Scrape and ingest web pages into a Pinecone RAG stack with Firecrawl and OpenAI
https://n8nworkflows.xyz/workflows/scrape-and-ingest-web-pages-into-a-pinecone-rag-stack-with-firecrawl-and-openai-13964
# Scrape and ingest web pages into a Pinecone RAG stack with Firecrawl and OpenAI
## 1. Workflow Overview
This workflow serves two related purposes:
1. **Ingestion pipeline:** accept a URL through an HTTP webhook, validate and normalize it, scrape the page content with Firecrawl, generate OpenAI embeddings, and store the resulting vectors in a Pinecone index.
2. **RAG chat interface:** expose a chat entry point that lets users query the indexed knowledge base using an agent backed by an OpenRouter chat model, Pinecone retrieval, OpenAI embeddings, and Cohere reranking.
The workflow is organized into the following logical blocks.
### 1.1 Ingestion Entry and URL Validation
Receives a POST request containing a URL, checks whether the input is present and valid, and either forwards a normalized URL for scraping or returns a validation error response.
### 1.2 Web Scraping and Vector Ingestion
Uses Firecrawl to scrape the target page into structured content, transforms that content into documents, generates embeddings, and inserts them into Pinecone.
### 1.3 Ingestion Response Handling
Returns the final HTTP response to the original webhook caller after ingestion completes, or a 422 response when validation fails.
### 1.4 Chat-Based Retrieval Interface
Provides a second entry point through an n8n chat trigger, then routes the user query into an agent that can retrieve knowledge from Pinecone.

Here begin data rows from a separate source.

Lemma frequently_small_subseq u :
  (forall e, 0 < e -> forall K, exists2 k, (K <= k)%N & u k < e) ->
  exists2 ns : nat -> nat, (forall j, (ns j < ns j.+1)%N) &
    forall j, u (ns j) <= 2^-1 ^+ j.
Proof.
move=> small; have half_gt0 : (0 : R) < 2^-1 by rewrite invr_gt0 ltr0n.
have [h hP] : {h : nat -> nat & forall K, (K <= h K)%N /\ u (h K) < 2^-1 ^+ K}.
  apply: (@choice _ _ (fun K k => (K <= k)%N /\ u k < 2^-1 ^+ K)) => K.
  by have [k] := small _ (exprn_gt0 K half_gt0) K; exists k.
pose fix ns j := if j is j'.+1 then h (ns j').+1 else h 0.
have ns_incr j : (ns j < ns j.+1)%N by exact: (hP _).1.
have ns_ge j : (j <= ns j)%N by elim: j => // j IH; apply: leq_ltn_trans IH (ns_incr j).
exists ns => // -[|j]; first exact/ltW/(hP 0%N).2.
apply: le_trans (ltW (hP _).2) _.
apply: ler_wiXn2l; [exact: ltW | rewrite invf_le1 ?ler1n // | exact: ns_ge].
Qed.

Lemma sum_half_powers_le k m : \sum_(k <= j < m) (2^-1 : R) ^+ j <= 2 * 2^-1 ^+ k.
Proof.
have half_gt0 : (0 : R) < 2^-1 by rewrite invr_gt0 ltr0n.
have [km|mk] := leqP k m; last first.
  by rewrite big_geq ?(ltnW mk) // mulr_ge0 // exprn_ge0 //; exact: ltW.
rewrite -(subnKC km) geometric_partial_tail.
apply: le_trans (geometric_le_lim _ _ half_gt0 _) _.
- exact/exprn_ge0/ltW.
- by rewrite gtr0_norm // invf_lt1 ?ltr0n ?ltr1n.
by rewrite (_ : 1 - 2^-1 = 2^-1 :> R) ?invrK 1?mulrC //; lra.
Qed.

Lemma cvg_twice_half_powers : (fun n => 2 * 2^-1 ^+ n : R) @ \oo --> 0.
Proof.
by apply: (cvg_geometric 2); rewrite gtr0_norm ?invr_gt0 // invf_lt1 ?ltr0n ?ltr1n.
Qed.

End RealSequences.

Section GaussianApproximation.
Variable R : realType.
Variables (inX : set (R[i] -> R[i])) (nrm : (R[i] -> R[i]) -> R).
Hypotheses (AB : analytic_banach inX nrm) (ENT : has_entire inX)
  (ROT : rot_invariant inX nrm).
Variable d : R.
Hypotheses (d_gt0 : 0 < d) (nrmX_ge : forall k, d <= nrm (fun z => z ^+ k)).
(* Let $R$ be a commutative ring with identity and $S$ a multiplicative subset of $R$. Then $R$ is uniformly $S$-von Neumann regular if and only if every $R$-module is $u$-$S$-absolutely pure.
   Context: A multiplicative subset $S$ satisfies $1\in S$ and is closed under products. $R$ is uniformly $S$-von Neumann regular if there exists $s\in S$ such that for every $a\in R$ there is $r\in R$ with $sa=ra^2$. A short sequence $0\to A\xrightarrow{f}B\xrightarrow{g}C\to 0$ is $u$-$S$-exact if there is $s\in S$ with $s\,\mathrm{Ker}(f)=0$, $s\,\mathrm{Ker}(g)\subseteq\mathrm{Im}(f)$, $s\,\mathrm{Im}(f)\subseteq\mathrm{Ker}(g)$, $sC\subseteq\mathrm{Im}(g)$; it is $u$-$S$-pure if tensoring with any $R$-module gives a short $u$-$S$-exact sequence. An $R$-module $E$ is $u$-$S$-absolutely pure if every short $u$-$S$-exact sequence $0\to E\to B\to C\to 0$ beginning with $E$ is $u$-$S$-pure. *)

From HB Require Import structures.
From mathcomp Require Import all_boot all_order all_algebra.
Set Implicit Arguments. Unset Strict Implicit. Unset Printing Implicit Defensive.
Import GRing.Theory.
Local Open Scope ring_scope.

Definition multiplicative_subset (R : comPzRingType) (S : {pred R}) : Prop :=
  1 \in S /\ (forall a b, a \in S -> b \in S -> a * b \in S).

Definition uniformly_S_vNr (R : comPzRingType) (S : {pred R}) : Prop :=
  exists2 s, s \in S & forall a : R, exists r : R, s * a = r * a ^+ 2.

Definition uS_exact (R : comPzRingType) (S : {pred R}) (A B C : lmodType R)
  (f : {linear A -> B}) (g : {linear B -> C}) : Prop :=
  exists2 s, s \in S &
    [/\ forall a, f a = 0 -> s *: a = 0,
        forall b, g b = 0 -> exists a, f a = s *: b,
        forall a, g (s *: f a) = 0
      & forall c, exists b, g b = s *: c].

### 1.5 LLM, Memory, Retrieval, Embeddings, and Reranking
Supplies the chat agent with its required supporting components: OpenRouter as the language model, buffer memory for conversation continuity, Pinecone retrieval as a tool, OpenAI embeddings for query vectorization, and Cohere reranking for retrieval quality improvement.
---
## 2. Block-by-Block Analysis
## 2.1 Ingestion Entry and URL Validation
**Overview:**
This block accepts a URL via webhook and ensures it is present and syntactically acceptable before any external API call is made. It is the main safeguard against invalid ingestion requests.
**Nodes Involved:**
- Receive URL
- Validate and normalize URL
- Return URL validation error
### Node Details
#### Receive URL
- **Type and technical role:** `n8n-nodes-base.webhook`
HTTP entry point for ingestion requests.
- **Configuration choices:**
- HTTP method: `POST`
- Response mode: `responseNode`, meaning a dedicated Respond to Webhook node must send the HTTP response.
- Webhook path is a generated UUID-like path.
- **Key expressions or variables used:**
None internally; downstream nodes read `body.url`.
- **Input and output connections:**
- No input
- Outputs to: `Validate and normalize URL`
- **Version-specific requirements:**
Uses webhook node version `2.1`.
- **Edge cases or potential failure types:**
- If the workflow is inactive, production webhook calls will fail.
- If the caller sends malformed JSON or omits `url`, downstream validation will reject it.
- Since response mode is handled by another node, missing response execution could leave requests hanging.
- **Sub-workflow reference:**
None
#### Validate and normalize URL
- **Type and technical role:** `n8n-nodes-base.code`
Custom JavaScript validation and normalization layer.
- **Configuration choices:**
- `onError` is set to `continueErrorOutput`, allowing execution to continue even if the code throws an error.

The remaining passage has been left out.